(* Let $A$ be a Noetherian integral domain. Every sublocalization over $A$ is a localization of $A$ if and only if each associated prime of a principal ideal of $A$ is the radical of a principal ideal. In particular, if $A$ has these equivalent properties, then nonzero principal ideals of $A$ have no embedded associated primes.
   Context: For an integral domain $A$ with field of fractions $K$, an overring is a subring of $K$ containing $A$. An overring $B$ is a localization of $A$ if $B=S^{-1}A$ for a multiplicatively closed set $S$ of nonzero elements of $A$; $B$ is a sublocalization over $A$ if $B$ is an intersection of localizations of $A$ (an empty intersection being $K$). A prime $P$ of $A$ is an associated prime of an ideal $I$ if there is $a\in A$ such that $P$ is a minimal prime over $(I:_A a)=\{r\in A: ra\in I\}$. *)

From mathcomp Require Import all_boot all_algebra fraction.
Set Implicit Arguments. Unset Strict Implicit. Unset Printing Implicit Defensive.
Import GRing.Theory.
Local Open Scope ring_scope.

Section Defs.
Variable R : idomainType.

Definition is_ideal (I : R -> Prop) : Prop :=
  [/\ I 0, (forall x y, I x -> I y -> I (x + y)) & (forall r x, I x -> I (r * x))].

Definition noetherian : Prop :=
  forall I : nat -> R -> Prop, (forall n, is_ideal (I n)) ->
    (forall n x, I n x -> I n.+1 x) ->
    exists N, forall m x, (N <= m)%N -> I m x -> I N x.

Definition is_prime (P : R -> Prop) : Prop :=
  [/\ is_ideal P, ~ P 1 & forall a b, P (a * b) -> P a \/ P b].

Definition principal (b : R) : R -> Prop := fun x => exists r, x = r * b.

Definition radical (J : R -> Prop) : R -> Prop := fun x => exists n, J (x ^+ n).

Definition colon (I : R -> Prop) (a : R) : R -> Prop := fun r => I (r * a).
Lemma ball_dirs_rank_step k y y' d : N y <= 1 -> N y' <= 1 ->
  ball_dirs y d -> ~ ball_dirs y' d -> ball_dirs y' `<=` ball_dirs y ->
  (forall W : 'M[R]_(k.+1, n), (forall i, ball_dirs y (row i W)) -> ~~ row_free W) ->
  (forall W : 'M[R]_(k, n), (forall i, ball_dirs y' (row i W)) -> ~~ row_free W).
Proof.
move=> hy hy' yd y'd sub H W hW; apply/negP => freeW.
have rows i : ball_dirs y (row i (col_mx d W : 'M_(1 + k, n))).
  case: (@split_ordP 1 k i) => j ->; first by rewrite rowKu row_id.
  by rewrite rowKd; apply: sub.
apply: (negP (H _ rows)); apply/inj_row_free => c.
rewrite -(@hsubmxK _ 1 1 k c) (@mul_row_col _ 1 1 k n).
set a := @lsubmx _ 1 1 k c; set b := @rsubmx _ 1 1 k c; rewrite [a]mx11_scalar mul_scalar_mx => e.
have a0 : a 0 0 = 0.
  apply: contra_notP y'd => /eqP a0.
  have bW : b *m W = - (a 0 0 *: d) by apply/eqP; rewrite -addr_eq0 addrC e.
  have -> : d = (- (a 0 0)^-1 *: b) *m W.
    by rewrite -scalemxAl bW scalerN scaleNr opprK scalerA mulVf // scale1r.
  exact: ball_dirs_mulmx.
have b0 : b = 0 by apply: (row_free_inj freeW); rewrite mul0mx -e a0 scale0r add0r.
by rewrite a0 b0 (_ : (0 : R)%:M = 0) ?row_mx0 //; apply/matrixP => i j; rewrite !mxE mul0rn.
Qed.
(* Located words read in s: the letter (n, o) stands for s_n(o); with a
   default letter a0 for the variable, they also give constant words. *)
Definition vword_of (x : seq (letter A)) : vword A :=
  flatten [seq subst_v (s c.1) c.2 | c <- x].
Definition cword_of (a0 : A) (x : seq (letter A)) : word A :=
  flatten [seq subst_c (s c.1) (odflt a0 c.2) | c <- x].

Lemma cword_of_cat a0 x y : cword_of a0 (x ++ y) = cword_of a0 x ++ cword_of a0 y.
Proof. by rewrite /cword_of map_cat flatten_cat. Qed.

Lemma subst_vword_of a0 x a : subst_c (vword_of x) a = cword_of a0 (map (fill a) x).
Proof.
rewrite /subst_c /vword_of /cword_of map_flatten -!map_comp; congr flatten.
by apply: eq_map => c /=; rewrite -/(subst_c _ _) subst_c_subst_v.
Qed.

Lemma cword_of_comb a0 (L : nat -> seq (letter A)) ls :
  flatten [seq subst_c (vword_of (L c.1)) c.2 | c <- ls] = cword_of a0 (comb L ls).
Proof.
elim: ls => [|c ls IH] //=; rewrite /comb /= cword_of_cat -/(comb L ls) -IH.
by rewrite (subst_vword_of a0).
Qed.

Hypothesis hs : forall n, is_vword (s n).

Lemma vword_of_var x : has_var x -> is_vword (vword_of x).
Proof.
move=> /hasP [c cx /eqP c2]; apply/flattenP.
exists (subst_v (s c.1) c.2); first exact: (map_f (fun c => subst_v (s c.1) c.2)).
rewrite c2 /subst_v (eq_map (g := id)) ?map_id; [exact: hs|by case].
Qed.
Lemma sum_from_ext f g n m :
  (forall i, (i < m)%nat -> f (n + i)%nat = g (n + i)%nat) -> sum_from f n m = sum_from g n m.
Proof.
  induction m as [|m IH]; intros H; simpl; [reflexivity |].
  rewrite IH, H; [reflexivity | lia | intros i Hi; apply H; lia].
Qed.

Lemma sum_from_bounds f n m lo hi :
  (forall i, (i < m)%nat -> lo <= f (n + i)%nat <= hi) ->
  INR m * lo <= sum_from f n m <= INR m * hi.
Proof.
  induction m as [|m IH]; intros H; simpl sum_from; [simpl; lra |].
  rewrite S_INR. pose proof (IH (fun i Hi => H i ltac:(lia))). pose proof (H m ltac:(lia)). lra.
Qed.

Lemma sum_from_approx f g n m C e :
  (forall i, (i < m)%nat -> Rabs (f (n + i)%nat - C * g (n + i)%nat) <= e * g (n + i)%nat) ->
  Rabs (sum_from f n m - C * sum_from g n m) <= e * sum_from g n m.
Proof.
  induction m as [|m IH]; intros H; simpl sum_from.
  - rewrite Rmult_0_r, Rminus_0_r, Rabs_R0; lra.
  - pose proof (IH (fun i Hi => H i ltac:(lia))). pose proof (H m ltac:(lia)).
    replace (sum_from f n m + f (n + m)%nat - C * (sum_from g n m + g (n + m)%nat))
      with ((sum_from f n m - C * sum_from g n m) + (f (n + m)%nat - C * g (n + m)%nat)) by ring.
    eapply Rle_trans; [apply Rabs_triang | lra].
Qed.

Lemma sum_from_telescope_ge f G n m :
  (forall i, (i < m)%nat -> G (S (n + i)) - G (n + i)%nat <= f (n + i)%nat) ->
  G (n + m)%nat - G n <= sum_from f n m.
Proof.
  induction m as [|m IH]; intros H; simpl sum_from; [rewrite Nat.add_0_r; lra |].
  pose proof (IH (fun i Hi => H i ltac:(lia))). pose proof (H m ltac:(lia)).
  rewrite Nat.add_succ_r. lra.
Qed.

Lemma sum_from_telescope_le f G n m :
  (forall i, (i < m)%nat -> f (n + i)%nat <= G (S (n + i)) - G (n + i)%nat) ->
  sum_from f n m <= G (n + m)%nat - G n.
Proof.
  induction m as [|m IH]; intros H; simpl sum_from; [rewrite Nat.add_0_r; lra |].
  pose proof (IH (fun i Hi => H i ltac:(lia))). pose proof (H m ltac:(lia)).
  rewrite Nat.add_succ_r. lra.
Qed.

Lemma sum_from_inv_ge_ln n m : (1 <= n)%nat ->
  ln (INR (n + m)) - ln (INR n) <= sum_from (fun j => / INR j) n m.
Proof.
  intros Hn. apply sum_from_telescope_ge with (G := fun j => ln (INR j)). intros i _.
  assert (0 < INR (n + i)) by (apply lt_0_INR; lia).
  rewrite S_INR. eapply Rle_trans; [apply ln_sub_le; lra | right; field; lra].
Qed.

Lemma sum_from_inv_le_ln n m : (2 <= n)%nat ->
  sum_from (fun j => / INR j) n m <= ln (INR (n + m) - 1) - ln (INR n - 1).
Proof.
  intros Hn. apply sum_from_telescope_le with (G := fun j => ln (INR j - 1)). intros i _.
  assert (2 <= INR (n + i)) by (replace 2 with (INR 2) by (simpl; ring); apply le_INR; lia).
  pose proof (ln_sub_le (INR (n + i) - 1) (INR (n + i)) ltac:(lra) ltac:(lra)).
  rewrite S_INR. replace (INR (n + i) + 1 - 1) with (INR (n + i)) by ring.
  replace ((INR (n + i) - 1) / INR (n + i) - 1) with (- / INR (n + i)) in * by (field; lra).
  lra.
Qed.
(* Let $n\ge 2$. Let $\hat a_{i,i-1}>0$ and $\hat b_{i,i-1}\in\mathbb{R}$ for $2\le i\le n$; for $1\le m\le k\le n$ put $\hat a_{k,m}:=\prod_{i=m+1}^{k}\hat a_{i,i-1}$ (so $\hat a_{k,k}=1$) and $\hat b_{n,1}:=\sum_{k=2}^{n}\hat a_{n,k}\hat b_{k,k-1}$. Define $i^*$: if $\min_{2\le k\le n}\hat a_{k,1}\le1$, let $i^*\in\{2,\ldots,n\}$ be an index attaining this minimum; otherwise $i^*=1$. Let $\tau^1(t)=a_1t+b_1$ and $\tau^n(t)=a_nt+b_n$ with $a_1,a_n>0$, and set $a_{n,1}:=a_n/a_1$, $b_{n,1}:=b_n-a_{n,1}b_1$ (so $\tau^n(t)=a_{n,1}\tau^1(t)+b_{n,1}$ for all $t$). Let $t_1\le t_n$ be reals, and let $R_1:=\tau^1(t_1)$, $L_n:=\tau^n(t_n)$, and let $L_i$ ($2\le i\le n-1$) and $R_i$ ($2\le i\le n-1$) be reals such that $L_i=\hat a_{i,i-1}R_{i-1}+\hat b_{i,i-1}$ for all $2\le i\le n$ and $L_i\le R_i$ for $2\le i\le n-1$. Then $$\sum_{j=2}^{n-1}\bigl(R_j-L_j\bigr)\ge\frac{a_{n,1}-\hat a_{n,1}}{\hat a_{n,i^*}}\,R_1+\frac{b_{n,1}-\hat b_{n,1}}{\hat a_{n,i^*}}.$$
   Context: Setting: a chain of nodes $1,\ldots,n$ whose endpoints $1$ and $n$ are good nodes with affine local clocks $\tau^1,\tau^n$ of the reference time $t$; node $1$ sends a timing packet at reference time $t_1$ (send time-stamp $R_1$) and node $n$ receives it at reference time $t_n\ge t_1$ (receive time-stamp $L_n$). Intermediate nodes $i$ append a receive time-stamp $L_i=\tau^{i,l}(t_{i,l})$ and a send time-stamp $R_i=\tau^{i,r}(t_{i,r})$ from arbitrary clocks; $R_j-L_j$ is node $j$'s forwarding delay. $\hat a_{i,i-1},\hat b_{i,i-1}$ are declared relative skews/offsets, $a_{n,1},b_{n,1}$ the true relative skew/offset of node $n$ with respect to node $1$. *)

From mathcomp Require Import all_boot all_order all_algebra.
Set Implicit Arguments. Unset Strict Implicit. Unset Printing Implicit Defensive.
Import Order.TTheory GRing.Theory Num.Theory.
Local Open Scope ring_scope.

(* ahat i stands for \hat a_{i,i-1}, bhat i for \hat b_{i,i-1} (2 <= i <= n). *)

Definition ahat_km {R : realFieldType} (ahat : nat -> R) (k m : nat) : R :=
  \prod_(m.+1 <= i < k.+1) ahat i.

Definition bhat_n1 {R : realFieldType} (ahat bhat : nat -> R) (n : nat) : R :=
  \sum_(2 <= k < n.+1) ahat_km ahat n k * bhat k.

(* Each forwarding delay enters the end-to-end relation L_n = \hat a_{n,1} R_1 + \hat b_{n,1}
   + \sum_j \hat a_{n,j} (R_j - L_j), obtained by unrolling the affine chain
   L_i = \hat a_{i,i-1} R_{i-1} + \hat b_{i,i-1}.  The choice of i^* makes \hat a_{n,i^*}
   an upper bound of every weight \hat a_{n,j}, so the total delay, scaled by
   \hat a_{n,i^*}, dominates L_n - \hat a_{n,1} R_1 - \hat b_{n,1}; finally t_1 <= t_n
   and a_n > 0 give L_n >= a_{n,1} R_1 + b_{n,1}. *)
From mathcomp Require Import all_boot all_order all_algebra.
From mathcomp Require Import ring lra zify.
Import Order.TTheory GRing.Theory Num.Theory.
Set Implicit Arguments. Unset Strict Implicit.
Local Open Scope ring_scope.

Section AhatProducts.

Variables (R : realFieldType) (a : nat -> R).

Lemma ahat_kk k : ahat_km a k k = 1.
Proof. by rewrite /ahat_km big_geq. Qed.

Lemma ahat_Sk k : ahat_km a k.+1 k = a k.+1.
Proof. by rewrite /ahat_km big_nat1. Qed.

Lemma ahat_kmM p m k :
  (p <= m <= k)%N -> ahat_km a k p = ahat_km a k m * ahat_km a m p.
Proof.
by move=> /andP[pm mk]; rewrite /ahat_km (big_cat_nat _ (n := m.+1)) ?ltnS // mulrC.
Qed.

Lemma ahat_km_gt0 n m k :
  (forall i, (2 <= i <= n)%N -> 0 < a i) ->
  (1 <= m)%N -> (k <= n)%N -> 0 < ahat_km a k m.
Proof.
move=> a_gt0 m_ge1 k_le_n; rewrite /ahat_km big_nat_cond; apply: prodr_gt0 => i.
by move=> /andP[/andP[mi ik] _]; apply: a_gt0; lia.
Qed.

(* The solution of x_m = a_m x_{m-1} + c_m, with c_m written as x_m - a_m x_{m-1}
   so that the identity holds for every sequence x. *)
Lemma affine_chain_unroll (x : nat -> R) k : (1 <= k)%N ->
  x k = ahat_km a k 1 * x 1%N
        + \sum_(2 <= m < k.+1) ahat_km a k m * (x m - a m * x m.-1).
Proof.
move=> k_ge1; rewrite big_add1 /=.
rewrite (@telescope_sumr_eq _ 1 k (fun i => ahat_km a k i * x i)) //.
  by rewrite ahat_kk mul1r addrC subrK.
move=> i /andP[_ ik] /=.
rewrite (@ahat_kmM i i.+1 k) ?leqnSn // ahat_Sk; ring.
Qed.

End AhatProducts.

Section Weights.

Variables (R : realFieldType) (n istar : nat) (ahat : nat -> R).
Hypothesis ahat_gt0 : forall i, (2 <= i <= n)%N -> 0 < ahat i.
Hypothesis istar_spec :
  ((2 <= istar <= n)%N /\
    (forall k, (2 <= k <= n)%N -> ahat_km ahat istar 1 <= ahat_km ahat k 1) /\
    ahat_km ahat istar 1 <= 1)
  \/
  ((forall k, (2 <= k <= n)%N -> 1 < ahat_km ahat k 1) /\ istar = 1%N).

Lemma istar_ge1 : (1 <= istar)%N.
Proof. by case: istar_spec => [[/andP[+ _] _]|[_ ->]] //; lia. Qed.

Lemma ahat_n_istar_gt0 : 0 < ahat_km ahat n istar.
Proof. exact: ahat_km_gt0 ahat_gt0 istar_ge1 (leqnn n). Qed.

(* Both cases compare the factorizations
   \hat a_{n,1} = \hat a_{n,j} \hat a_{j,1} = \hat a_{n,i^*} \hat a_{i^*,1}. *)
Lemma ahat_n_le_istar j :
  (2 <= j <= n)%N -> ahat_km ahat n j <= ahat_km ahat n istar.
Proof.
move=> /andP[j_ge2 j_le_n].
have Aj1_gt0 : 0 < ahat_km ahat j 1 by apply: (ahat_km_gt0 ahat_gt0).
have Anj_gt0 : 0 < ahat_km ahat n j by apply: (ahat_km_gt0 ahat_gt0); lia.
have An1_j : ahat_km ahat n 1 = ahat_km ahat n j * ahat_km ahat j 1.
  by apply: ahat_kmM; lia.
case: istar_spec => [[/andP[i_ge2 i_le_n] [istar_min _]] | [Ak1_gt1 ->]].
- have An1_i : ahat_km ahat n 1 = ahat_km ahat n istar * ahat_km ahat istar 1.
    by apply: ahat_kmM; lia.
  rewrite -(ler_pM2r Aj1_gt0) -An1_j An1_i ler_wpM2l ?istar_min ?j_ge2 //.
  exact/ltW/ahat_n_istar_gt0.
- have Aj1_gt1 : 1 < ahat_km ahat j 1 by apply: Ak1_gt1; lia.
  by rewrite An1_j -[leLHS]mulr1 ler_wpM2l ?ltW.
Qed.

End Weights.

Lemma chain_end_to_end (R : realFieldType) (n : nat) (ahat bhat L Rs : nat -> R) :
  (2 <= n)%N ->
  (forall i, (2 <= i <= n)%N -> L i = ahat i * Rs i.-1 + bhat i) ->
  L n = ahat_km ahat n 1 * Rs 1%N + bhat_n1 ahat bhat n
        + \sum_(2 <= j < n) ahat_km ahat n j * (Rs j - L j).
Proof.
move=> n_ge2 HL.
(* The chain R_1, ..., R_{n-1}, L_n: its innovations are \hat b_m + (R_m - L_m)
   for m < n and \hat b_n at m = n. *)
pose x k := if (k < n)%N then Rs k else L n.
have -> : L n = x n by rewrite /x ltnn.
rewrite (affine_chain_unroll ahat); last lia.
rewrite /bhat_n1 !big_nat_recr /=; try lia.
rewrite [x n]/x [x 1%N]/x [x n.-1]/x ltnn n_ge2 ltn_predL (ltnW n_ge2) HL; last lia.
rewrite ahat_kk.
have -> : \sum_(2 <= m < n) ahat_km ahat n m * (x m - ahat m * x m.-1)
        = \sum_(2 <= m < n) ahat_km ahat n m * bhat m
          + \sum_(2 <= j < n) ahat_km ahat n j * (Rs j - L j).
  rewrite -big_split; apply: eq_big_nat => m /andP[m_ge2 m_lt_n] /=.
  rewrite /x m_lt_n (ltn_trans _ m_lt_n) ?ltn_predL ?(leq_trans _ m_ge2) //.
  rewrite HL; [ring | lia].
ring.
Qed.

Theorem lemma5 (R : realFieldType) (n : nat) (ahat bhat : nat -> R)
    (istar : nat) (a1 b1 an bn t1 tn : R) (L Rs : nat -> R) :
  (2 <= n)%N ->
  (forall i, (2 <= i <= n)%N -> 0 < ahat i) ->
  ( ((2 <= istar <= n)%N /\
     (forall k, (2 <= k <= n)%N -> ahat_km ahat istar 1 <= ahat_km ahat k 1) /\
     ahat_km ahat istar 1 <= 1)
    \/
    ((forall k, (2 <= k <= n)%N -> 1 < ahat_km ahat k 1) /\ istar = 1%N) ) ->
  0 < a1 -> 0 < an ->
  t1 <= tn ->
  Rs 1%N = a1 * t1 + b1 ->
  L n = an * tn + bn ->
  (forall i, (2 <= i <= n)%N -> L i = ahat i * Rs i.-1 + bhat i) ->
  (forall i, (2 <= i <= n.-1)%N -> L i <= Rs i) ->
  \sum_(2 <= j < n) (Rs j - L j) >=
    (an / a1 - ahat_km ahat n 1) / ahat_km ahat n istar * Rs 1%N
    + (bn - an / a1 * b1 - bhat_n1 ahat bhat n) / ahat_km ahat n istar.
Proof.
move=> n_ge2 ahat_gt0 istar_spec a1_gt0 an_gt0 t1_le_tn HR1 HLn HL delay_ge0.
have A_gt0 := ahat_n_istar_gt0 ahat_gt0 istar_spec.
set A := ahat_km ahat n istar.
have weighted_le : \sum_(2 <= j < n) ahat_km ahat n j * (Rs j - L j)
                   <= A * \sum_(2 <= j < n) (Rs j - L j).
  rewrite mulr_sumr; apply: ler_sum_nat => j /andP[j_ge2 j_lt_n].
  rewrite ler_wpM2r ?subr_ge0 ?delay_ge0 ?(ahat_n_le_istar ahat_gt0 istar_spec) //;
    lia.
have end_to_end := chain_end_to_end n_ge2 HL.
rewrite HLn in end_to_end.
rewrite !(mulrAC _ A^-1) -mulrDl ler_pdivrMr //.
have q_a1 : an / a1 * a1 = an by rewrite mulfVK ?gt_eqF.
have q_R1 : an / a1 * Rs 1%N = an * t1 + an / a1 * b1 by rewrite HR1 mulrDr mulrA q_a1.
have an_t : an * t1 <= an * tn by rewrite ler_pM2l.
rewrite /bhat_n1 in end_to_end *; lra.
Qed.
(* Let $\mu\ge\lambda>0$. Let $\zeta_t^O$ be the nearest neighbours three state contact process with parameters $(\lambda,\mu)$ started from the standard initial configuration, with $I_t=\{x:\zeta_t^O(x)=1\}$, $r_t=\sup I_t$, $l_t=\inf I_t$, and let $\xi_t^{\mathbb Z}$ be the nearest neighbours contact process with parameter $\mu$ started from $\mathbb Z$, the two coupled by the graphical construction. Then for all $t\ge0$, $I_t=\xi_t^{\mathbb Z}\cap[l_t,r_t]$ on the event $\{I_t\ne\emptyset\}$.
   Context: The nearest neighbours three state contact process with parameters $(\lambda,\mu)$ has state space $\{-1,0,1\}^{\mathbb Z}$; each site $x$ makes transitions $-1\to1$ at rate $\lambda n_t(x)$, $0\to1$ at rate $\mu n_t(x)$, $1\to0$ at rate 1, where $n_t(x)$ is the number of $y\in\{x-1,x+1\}$ in state 1. The standard initial configuration has the origin in state 1 and all other sites in state $-1$. Graphical construction (for $\mu\ge\lambda$): for each $x\in\mathbb Z$ and $y\in\{x-1,x+1\}$ take independent Poisson processes of rate $\lambda$ ($\lambda$-arrows from $x$ to $y$) and rate $\mu-\lambda$ ($(\mu-\lambda)$-arrows from $x$ to $y$), and for each $x$ an independent rate-1 Poisson process of recovery marks at $x$. The three state process is defined from these: at a $\lambda$-arrow from $x$ to $y$, if just before $x$ is in state 1 and $y$ in state $0$ or $-1$, then $y$ becomes 1; at a $(\mu-\lambda)$-arrow from $x$ to $y$, if just before $x$ is in state 1 and $y$ in state 0, then $y$ becomes 1; at a recovery mark at $x$, if $x$ is in state 1 it becomes 0. The contact process with parameter $\mu$ started from $A\subseteq\mathbb Z$ is $\xi_t^A=\{y:$ there is an oriented path from $(x,0)$ for some $x\in A$ to $(y,t)$ moving up time lines in increasing time without passing through a recovery mark and along arrows of either type in the direction of the arrow$\}$. Processes built from the same realization are said to be coupled by the graphical construction. *)

From Stdlib Require Import Reals ZArith List.
Open Scope R_scope.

———

§ Task brief: Go to the line in the material above that contains "Context: Setting: a" and copy exactly from there through the line that contains "Proof. by rewrite /ahat_km big_geq. Qed.", stopping after it.

§ Your response:
   Context: Setting: a chain of nodes $1,\ldots,n$ whose endpoints $1$ and $n$ are good nodes with affine local clocks $\tau^1,\tau^n$ of the reference time $t$; node $1$ sends a timing packet at reference time $t_1$ (send time-stamp $R_1$) and node $n$ receives it at reference time $t_n\ge t_1$ (receive time-stamp $L_n$). Intermediate nodes $i$ append a receive time-stamp $L_i=\tau^{i,l}(t_{i,l})$ and a send time-stamp $R_i=\tau^{i,r}(t_{i,r})$ from arbitrary clocks; $R_j-L_j$ is node $j$'s forwarding delay. $\hat a_{i,i-1},\hat b_{i,i-1}$ are declared relative skews/offsets, $a_{n,1},b_{n,1}$ the true relative skew/offset of node $n$ with respect to node $1$. *)

From mathcomp Require Import all_boot all_order all_algebra.
Set Implicit Arguments. Unset Strict Implicit. Unset Printing Implicit Defensive.
Import Order.TTheory GRing.Theory Num.Theory.
Local Open Scope ring_scope.

(* ahat i stands for \hat a_{i,i-1}, bhat i for \hat b_{i,i-1} (2 <= i <= n). *)

Definition ahat_km {R : realFieldType} (ahat : nat -> R) (k m : nat) : R :=
  \prod_(m.+1 <= i < k.+1) ahat i.

Definition bhat_n1 {R : realFieldType} (ahat bhat : nat -> R) (n : nat) : R :=
  \sum_(2 <= k < n.+1) ahat_km ahat n k * bhat k.

(* Each forwarding delay enters the end-to-end relation L_n = \hat a_{n,1} R_1 + \hat b_{n,1}
   + \sum_j \hat a_{n,j} (R_j - L_j), obtained by unrolling the affine chain
   L_i = \hat a_{i,i-1} R_{i-1} + \hat b_{i,i-1}.  The choice of i^* makes \hat a_{n,i^*}
   an upper bound of every weight \hat a_{n,j}, so the total delay, scaled by
   \hat a_{n,i^*}, dominates L_n - \hat a_{n,1} R_1 - \hat b_{n,1}; finally t_1 <= t_n
   and a_n > 0 give L_n >= a_{n,1} R_1 + b_{n,1}. *)
From mathcomp Require Import all_boot all_order all_algebra.
From mathcomp Require Import ring lra zify.
Import Order.TTheory GRing.Theory Num.Theory.
Set Implicit Arguments. Unset Strict Implicit.
Local Open Scope ring_scope.

Section AhatProducts.

Variables (R : realFieldType) (a : nat -> R).

Lemma ahat_kk k : ahat_km a k k = 1.
Proof. by rewrite /ahat_km big_geq. Qed.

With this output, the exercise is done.